# Ffion Hague - press release



## katedoll (Jun 3, 2007)

I feel for Ffion Hague today with William giving the press release to keep publicity under control.  Must be really hard when having suffered miscarriages, and feeling that you have to explain it to the country.  It is such a shame it has come to this, but hopefully it will help show that infertility is more common than people may think.    I hope she gets lots of support from friends and close family - it must be a hard time for them both.  Fingers crossed that they get lots of good luck soon


----------



## Jane D (Apr 16, 2007)

I am sorry that a very personal aspect of the Hague's life has been disclosed in order to dispel allegations about William and the alleged health of his marriage.

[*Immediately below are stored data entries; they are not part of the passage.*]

Lemma cvg_integral_bounded (f_ : nat -> U -> R) (f : U -> R) :
  (forall k, measurable_fun D (f_ k)) -> measurable_fun D f ->
  (forall k x, D x -> `|f_ k x| <= c) ->
  (forall x, D x -> f_ k x @[k --> \oo] --> f x) ->
  fine (\int[mu]_(x in D) (f_ k x)%:E)%E @[k --> \oo] -->
  fine (\int[mu]_(x in D) (f x)%:E)%E.
Proof.
move=> mf_ mf f_c f_f.
have fc x : D x -> `|f x| <= c.
  move=> Dx; apply: (closed_cvg _ (@closed_le R c) _ _ (cvg_norm (f_f x Dx))).
  by apply: nearW => k; exact: f_c.
have f_fE x : D x -> (f_ k x)%:E @[k --> \oo] --> (f x)%:E.
  by move=> Dx; apply: cvg_EFin; [exact: nearW|exact: f_f].
have [_ _ cvgI] := dominated_convergence mD
  (fun k => proj2 (measurable_EFinP _ _) (mf_ k)) (proj2 (measurable_EFinP _ _) mf)
  (aeW _ f_fE) integrable_cst (aeW _ (fun x k Dx => f_c k x Dx)).
apply: fine_cvg; rewrite fineK //; exact: fin_num_integral_bounded.
Qed.
End BoundedConvergence.

Section DistributionFunction.
Context {d} {T : measurableType d} {R : realType} (P : probability T R).
Context {Y : T -> R} (mY : measurable_fun setT Y).

Let measurable_le y : measurable [set t | Y t <= y].
Proof.
have -> : [set t | Y t <= y] = Y @^-1` `]-oo, y].
  by apply/seteqP; split => t; rewrite /= in_itv.
by rewrite -[X in measurable X]setTI; exact: mY.
Qed.

Lemma cdfRE y : (cdfR P Y y)%:E = P [set t | Y t <= y].
Proof. by rewrite fineK // fin_num_measure. Qed.

Lemma cdfR_ge0_le1 y : 0 <= cdfR P Y y <= 1.
Proof. by rewrite -!lee_fin cdfRE measure_ge0 probability_le1. Qed.

Lemma measurable_cdfR : measurable_fun setT (cdfR P Y).
Proof.
apply: nondecreasing_measurable => // y y' yy'; rewrite -lee_fin !cdfRE.
by apply: le_measure; rewrite ?inE // => t /= /le_trans; apply.
Qed.
End DistributionFunction.

Section DensityBounds.
Context {d} {T : measurableType d} {R : realType} {P : probability T R}.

Very brave of them to disclose this and should they already be on the tx journey, good luck to them.  It cannot have been easy for them to see all the pictures of baby Cameron last week either.

Jane


----------



## LuuLuu (Jul 15, 2008)

Poor Ffion having to share this  - it's so wrong - we all know what a personal journey this is.  She must be very brave to face this and see Cameron's new baby.  We've all been through something like this - just not so public.


----------



## MARPSJR (Jul 29, 2009)

It is brave but you know good on her to embarrass those people who are so cruel and heartless to want to spread nasty rumours about her and her husband so publicly.


----------